In his contribution to the College English symposium on "What Should College English Be?", Rice answers "new media" and, more precisely, the aspect of networks as connective, associative phenomenon proliferating throughout the digital, informational orders. "College English has not yet imagined or perceived itself as a network," (128), Rice writes, and while the ways "networks alter current understandings and rhetorical output still need unpacking and further study" (132), we might begin by with Hayles' suggestion of linking as an emerging form of expression or Burroughs' anticipation of "the rise of the network as rhetoric" (130), as we "reimagine English studies' efforts to generate a twenty-first century focus" (130). In the collection of essays titled Composition in the Twenty-first Century, David Bartholomae, suggests a focus involving composition's focus on "the space on the page and what it might mean to do work there and not somewhere else" (130). Rice emphasizes Bartholomae's differentiation between the page and the "not somewhere else," suggesting that, in fact, new media and networks compel us toward the somewhere else, the open space constructed out of connections where multiple writers engaging within multiple ideas in multiple media at multiple moments function" (130). In the "complicated act" that is "writing as network" (131), "'writing' feels too limited", its connotations of "fixity" burden the metaphor "in an age of total information and delivery" (129).

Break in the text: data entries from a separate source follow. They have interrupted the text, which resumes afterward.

Lemma map_mx_Cderivation_emb n (A : 'M[C]_n) : map_mx d (emb R A) = 0.
Proof. by apply/matrixP => i j; rewrite !mxE Cderivation_scalar. Qed.

End Derivations.

Theorem proposition3p2
  (C : numClosedFieldType) (R : comAlgType C) (n r : nat)
  (E : 'I_r -> 'M[C]_n) (hE : max_comm_basis E)
  (D : int -> 'I_r -> R -> R)
  (hDder : forall m a, is_Cderivation (D m a))
  (hDcomm : forall m1 a1 m2 a2 (x : R), D m1 a1 (D m2 a2 x) = D m2 a2 (D m1 a1 x))
  (g ginv : useries R n) (hg : in_Gneg g)
  (hginv1 : ueqs (umul g ginv) (uone R n)) (hginv2 : ueqs (umul ginv g) (uone R n))
  (X Xinv : lseries R n) (hX : in_Gpos X)
  (hXinv1 : leqs (lmul X Xinv) (lone R n)) (hXinv2 : leqs (lmul Xinv X) (lone R n)) :
  let U := Ufam E g ginv in
  let W := Wfam E X Xinv in
  (forall (m1 : int) (m2 : nat) (b1 a2 : 'I_r), m1 < 0 -> forall k : int,
     ucoef (uder (D m1 b1) (Bser U m2%:Z a2)) k
     - ucoef (uder (D m2%:Z a2) (Cser_u W m1 b1)) k
     - ucoef (ubr (Cser_u W m1 b1) (Bser U m2%:Z a2)) k = 0) ->
  (forall (m1 m2 : nat) (a1 a2 : 'I_r) (k : int),
     ucoef (uder (D m1%:Z a1) (Bser U m2%:Z a2)) k
     - ucoef (uder (D m2%:Z a2) (Bser U m1%:Z a1)) k
     - ucoef (ubr (Bser U m1%:Z a1) (Bser U m2%:Z a2)) k = 0) ->
  (forall (m1 m2 : int) (b1 b2 : 'I_r), m1 < 0 -> m2 < 0 -> forall k : int,
     ucoef (uder (D m1 b1) (Cser_u W m2 b2)) k
     - ucoef (uder (D m2 b2) (Cser_u W m1 b1)) k
     - ucoef (ubr (Cser_u W m1 b1) (Cser_u W m2 b2)) k = 0) ->
  combined_solution D U W.
Proof.
move=> U W HCB HBB HCC.
have D0 m a : D m a 0 = 0 := Cderivation0 (hDder m a).
pose d m a : 'M[R]_n -> 'M[R]_n := map_mx (D m a).
have d0 m a : d m a 0 = 0 := map_mx_Cderivation0 (hDder m a) n.
have E_comm : forall a b, E a *m E b = E b *m E a by case: hE => -[].
have u_above := Ufam_vanish_above E hg hginv2.
have d_u0 m a1 a2 : d m a1 (ucoef (U a2) 0) = 0.
  by rewrite /d Ufam_coef0 // map_mx_Cderivation_emb.
have u_comm := Ufam_comm E_comm hg hginv2.
have w_below := Wfam_vanish_below E hX hXinv2.
have w_comm := Wfam_comm E_comm hX hXinv2.
split => [m a1 a2 k | m a1 b k | m m0 b1 b2 k | m m0 b1 a k].
- rewrite ucoef_uder // ucoef_ubr ucoef_Bser.
  apply: (flow_B_u d0 u_above d_u0 u_comm _ m a1 a2 k) => m1 m2 a1' a2' k'.
  by have := HBB m1 m2 a1' a2' k'; rewrite !ucoef_uder // ucoef_ubr !ucoef_Bser.
- rewrite lcoef_lder // lcoef_lbr lcoef_Bser_l.
  apply: (flow_B_w d0 w_below _ m a1 b k) => m1 m2 b1 a2 m1_0 k'.
  have := HCB m1 m2 b1 a2 m1_0 k'.
  by rewrite !ucoef_uder // ucoef_ubr ucoef_Bser ucoef_Cser_u.
- rewrite lcoef_lder // lcoef_lbr lcoef_Cser.
  apply: (flow_C_w d0 w_below w_comm _ b1 b2 k m0) => m1 m2 b1' b2' m1_0 m2_0 k'.
  have := HCC m1 m2 b1' b2' m1_0 m2_0 k'.
  by rewrite !ucoef_uder // ucoef_ubr !ucoef_Cser_u.
- rewrite ucoef_uder // ucoef_ubr ucoef_Cser_u.
  apply: (flow_C_u d0 u_above d_u0 _ b1 a k m0) => m1 m2 b1' a2 m1_0 k'.
  have := HCB m1 m2 b1' a2 m1_0 k'.
  by rewrite !ucoef_uder // ucoef_ubr ucoef_Bser ucoef_Cser_u.
Qed.
(* The extra vector [x] completing [hs] to a factorisation of [wedges gs] is what
   makes the induction on [gs] go through. *)
Lemma sum_wedges_hat (gs : seq V) (c : nat -> F) : exists x (hs : seq V) (lam : F),
  [/\ size hs = (size gs).-1, all (fun h => h \in <<gs>>%VS) hs, x \in <<gs>>%VS,
      \sum_(i < size gs) c i *: wedges (hat gs i) = lam *: wedges hs &
      (0 < size gs)%N -> wedges (x :: hs) = wedges gs].
Proof.
elim: gs c => [|g gs IH] c.
  by exists 0, [::], 0; rewrite big_ord0 scale0r mem0v.
have [x [hs [lam [size_hs hs_gs x_gs eq_sum eq_x]]]] := IH (fun i => c i.+1).
have sub_gs : (<<gs>> <= <<g :: gs>>)%VS by rewrite span_cons addvSr.
have g_gs : g \in <<g :: gs>>%VS by rewrite memv_span ?mem_head.
rewrite /= big_ord_recl.
have -> : \sum_(i < size gs) c (lift ord0 i) *: wedges (hat (g :: gs) (lift ord0 i))
          = wedgev g (lam *: wedges hs).
  by rewrite -eq_sum wedgev_sumr; apply: eq_bigr => i _; rewrite wedgevZr.
rewrite wedgevZr [hat _ _]drop0.
have [-> | nz_lam] := eqVneq lam 0.
  exists g, gs, (c 0); rewrite scale0r addr0; split => //.
  by apply/allP => h h_gs; rewrite memv_span // inE h_gs orbT.
have gs_gt0 : (0 < size gs)%N.
  rewrite lt0n; apply: contra nz_lam => /eqP gs0.
  have hs0 : hs = [::] by apply/size0nil; rewrite size_hs gs0.
  move: eq_sum; rewrite big1 => [|i _]; last by have := ltn_ord i; rewrite {2}gs0.
  by move/eqP; rewrite eq_sym scaler_eq0 hs0 (negbTE (ebasis_neq0 _ _)) orbF.
exists (- x), ((g + (c 0 / lam) *: x) :: hs), lam; split.
- by rewrite /= size_hs prednK.
- rewrite /= memvD ?memvZ ?(subvP sub_gs x x_gs) //.
  by apply/allP => h /(allP hs_gs) /(subvP sub_gs).
- by rewrite memvN (subvP sub_gs).
- rewrite /= wedgevDl wedgevZl -(eq_x gs_gt0) /= scalerDr scalerA.
  by rewrite mulrC divfK // addrC.
- move=> _; rewrite /= wedgevNl wedgevDl wedgevZl wedgevDr wedgevZr wedgevv.
  by rewrite scaler0 addr0 wedgev_anticomm opprK -(eq_x gs_gt0).
Qed.

End HatSums.

Section CloseTypeII.
Variables (F : fieldType) (m l : nat) (E : {vspace ext F m}) (us gs : seq 'rV[F]_m).
Local Notation ext := (ext F m).
Local Notation V := 'rV[F]_m.
Hypotheses (size_ugs : (size us + size gs = l.+1)%N) (size_gs_dim : size gs = \dim E)
  (free_ugs : free (us ++ gs))
  (def_E : E = <<[seq wedges (us ++ hat gs i) | i <- iota 0 (size gs)]>>%VS).

Lemma typeII_elt w : w \in E -> exists c : nat -> F,
  w = lwedge us (\sum_(i < size gs) c i *: wedges (hat gs i)).
Proof.
rewrite def_E => /memv_span_coef [c ->]; exists c.
rewrite lwedge_sum size_map size_iota; apply: eq_bigr => i _.
by rewrite lwedgeZ -wedges_cat (nth_map 0%N) ?size_iota // nth_iota.
Qed.

Lemma typeII_wedge_repr w : w \in E -> w != 0 -> exists (hs : seq V) (lam : F),
  wedge_repr l w (us ++ hs) lam /\ all (fun h => h \in <<gs>>%VS) hs.
Proof.
move=> w_E nz_w; have [c def_w] := typeII_elt w_E.
have gs_gt0 : (0 < size gs)%N.
  rewrite lt0n; apply: contra nz_w => /eqP gs0.
  by rewrite def_w big1 ?lwedge0 // => i _; have := ltn_ord i; rewrite {2}gs0.
have [_ [hs [lam [size_hs hs_gs _ eq_sum _]]]] := sum_wedges_hat gs c.
move: nz_w; rewrite def_w eq_sum lwedgeZ -wedges_cat scaler_eq0 negb_or.
case/andP => nz_lam nz_uhs; exists hs, lam; split => //; split => //.
- by rewrite size_cat size_hs; lia.
- by apply: contraNT nz_uhs => /wedges_nfree ->.
Qed.

Lemma span_us_cat_sub (hs : seq V) : all (fun h => h \in <<gs>>%VS) hs ->
  (<<us ++ hs>> <= <<us ++ gs>>)%VS.
Proof. by move=> /allP hs_gs; rewrite !span_cat addvS //; apply/span_subvP. Qed.

Lemma typeII_Vw_sub w : w \in E -> w != 0 -> (Vw w <= <<us ++ gs>>)%VS.
Proof.
move=> w_E /(typeII_wedge_repr w_E) [hs [lam [/wedge_repr_Vw -> hs_gs]]].
exact: span_us_cat_sub.
Qed.

Lemma span_us_sub_Vw w : w \in E -> (<<us>> <= Vw w)%VS.
Proof.
move=> w_E; have [-> | nz_w] := eqVneq w 0.
  by apply/subvP => x _; rewrite memVw wedgev0r.
have [hs [lam [/wedge_repr_Vw -> _]]] := typeII_wedge_repr w_E nz_w.
by rewrite span_cat addvSl.
Qed.

(* Two independent elements of [E] have distinct [l]-dimensional annihilators
   inside the [(l+1)]-dimensional span of [us ++ gs]. *)
Lemma typeII_sum ws : basis_of E ws -> (1 < size gs)%N ->
  (\sum_(w <- ws) Vw w)%VS = <<us ++ gs>>%VS.
Proof.
move=> basis_ws size_gs.
have ws_E : {subset ws <= E} by move=> w w_ws; rewrite -(span_basis basis_ws) memv_span.
have ws_nz w : w \in ws -> w != 0 by apply: free_not0 (basis_free basis_ws).
apply/eqP; rewrite eqEsubv subv_sum_seq; apply/andP; split.
  by apply/allP => w w_ws; apply: typeII_Vw_sub; [apply: ws_E | apply: ws_nz].
have size_ws := size_basis_seq basis_ws; rewrite -size_gs_dim in size_ws.
case: ws basis_ws ws_E ws_nz size_ws => [|w0 [|w1 ws]] basis_ws ws_E ws_nz size_ws;
  try by rewrite -size_ws /= in size_gs.
have w0_ws : w0 \in [:: w0, w1 & ws] := mem_head _ _.
have w1_ws : w1 \in [:: w0, w1 & ws] by rewrite !inE eqxx orbT.
have [hs0 [lam0 [repr0 hs0_gs]]] := typeII_wedge_repr (ws_E _ w0_ws) (ws_nz _ w0_ws).
have [hs1 [lam1 [repr1 hs1_gs]]] := typeII_wedge_repr (ws_E _ w1_ws) (ws_nz _ w1_ws).
have neq_spans : <<us ++ hs0>>%VS != <<us ++ hs1>>%VS.
  apply: contraTneq (basis_free basis_ws) => /(wedge_repr_span_eq repr0 repr1) w0_w1.
  by rewrite free_cons negb_and negbK (subvP _ _ w0_w1) // span_cons addvSl.
have dim_ugs : \dim <<us ++ gs>> = l.+1 by rewrite dim_span_free // size_cat.
have dim_repr hs lam w : wedge_repr l w (us ++ hs) lam -> \dim <<us ++ hs>> = l.
  by case=> size_uhs free_uhs _ _; rewrite dim_span_free.
rewrite big_cons big_cons addvA (wedge_repr_Vw repr0) (wedge_repr_Vw repr1).
apply: subv_trans (addvSl _ _).
rewrite (addv_hyperplanes (T := <<us ++ gs>>%VS) _ _ _ _ neq_spans) //.
- exact: span_us_cat_sub.
- exact: span_us_cat_sub.
- by rewrite (dim_repr _ _ _ repr0) dim_ugs.
- by rewrite (dim_repr _ _ _ repr1) dim_ugs.
Qed.

Lemma typeII_Vw_sub_sum ws : basis_of E ws ->
  forall w, w \in E -> w != 0 -> (Vw w <= \sum_(w <- ws) Vw w)%VS.
Proof.
move=> basis_ws w w_E nz_w; have [size_gs | size_gs] := ltnP 1 (size gs).
  by rewrite typeII_sum // typeII_Vw_sub.
have E_gt0 : (0 < \dim E)%N.
  rewrite lt0n dimv_eq0; apply: contraNneq nz_w => E0.
  by rewrite -memv0 -E0.
have size_ws : size ws = 1%N.
  rewrite (size_basis_seq basis_ws); apply/eqP.
  by rewrite eqn_leq -size_gs_dim size_gs /= size_gs_dim.
exact: Vw_sub_sum_line basis_ws size_ws w w_E nz_w.
Qed.

Lemma free_us_hat k : (k < size gs)%N -> free (us ++ hat gs k).
Proof.
move=> lt_k; move: free_ugs; rewrite -{1}(cat_take_drop k gs) (drop_nth 0 lt_k).
exact: free_cat_consr.
Qed.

Drawing on Hayles and Lyotard, Rice examines the paradox between "established knowledge" that is the prototypical concern of English Studies and the "momentary configurations" of networks and the texts that circulate across them.

Developing a strong case for new media and networks as a new focus for college English, Rice acknowledges precedents in "intertextuality, the avant-garde, or Bahktinian dialogue" (130), but these concepts have not theorized networks adequately, particularly in light of the Web. Rice's response to "What Should College English Be?" fans out, as well, through a succession of answers, one of which is that "College English should be the intersection of the various areas of discourse that shape thought and produce knowledge" (132).

"Or it may involve a complete reworking of how information is classified and stored, as the emerging practice of folksonomy, a system where anyone can attach any term to any piece of information, does in a direct challenge to referential organizational systems" (128).

"Whether for good or for bad, the network is reimagining social and informational relationships so profoundly that even if the discipline of English Studies remains wary of the network and suspicious of its place within the curriculum, the field can still benefit from learning how networks alter both understandings of writing and writing itself" (129).

"By social, I do not mean 'people,' 'friendliness,' or 'mingling.' Instead, I mean the ways bodies of information socialize, the ways they interact, or, as Burroughs wrote, the ways they associate" (131).

Terms: established knowledge (131), momentary configurations (131), emergence/growth (132), folksonomy (128), connectivity (128).

What is at the junction between Rice's call (new media/networks) and Bialostosky's (variegated reading and productive attentiveness)?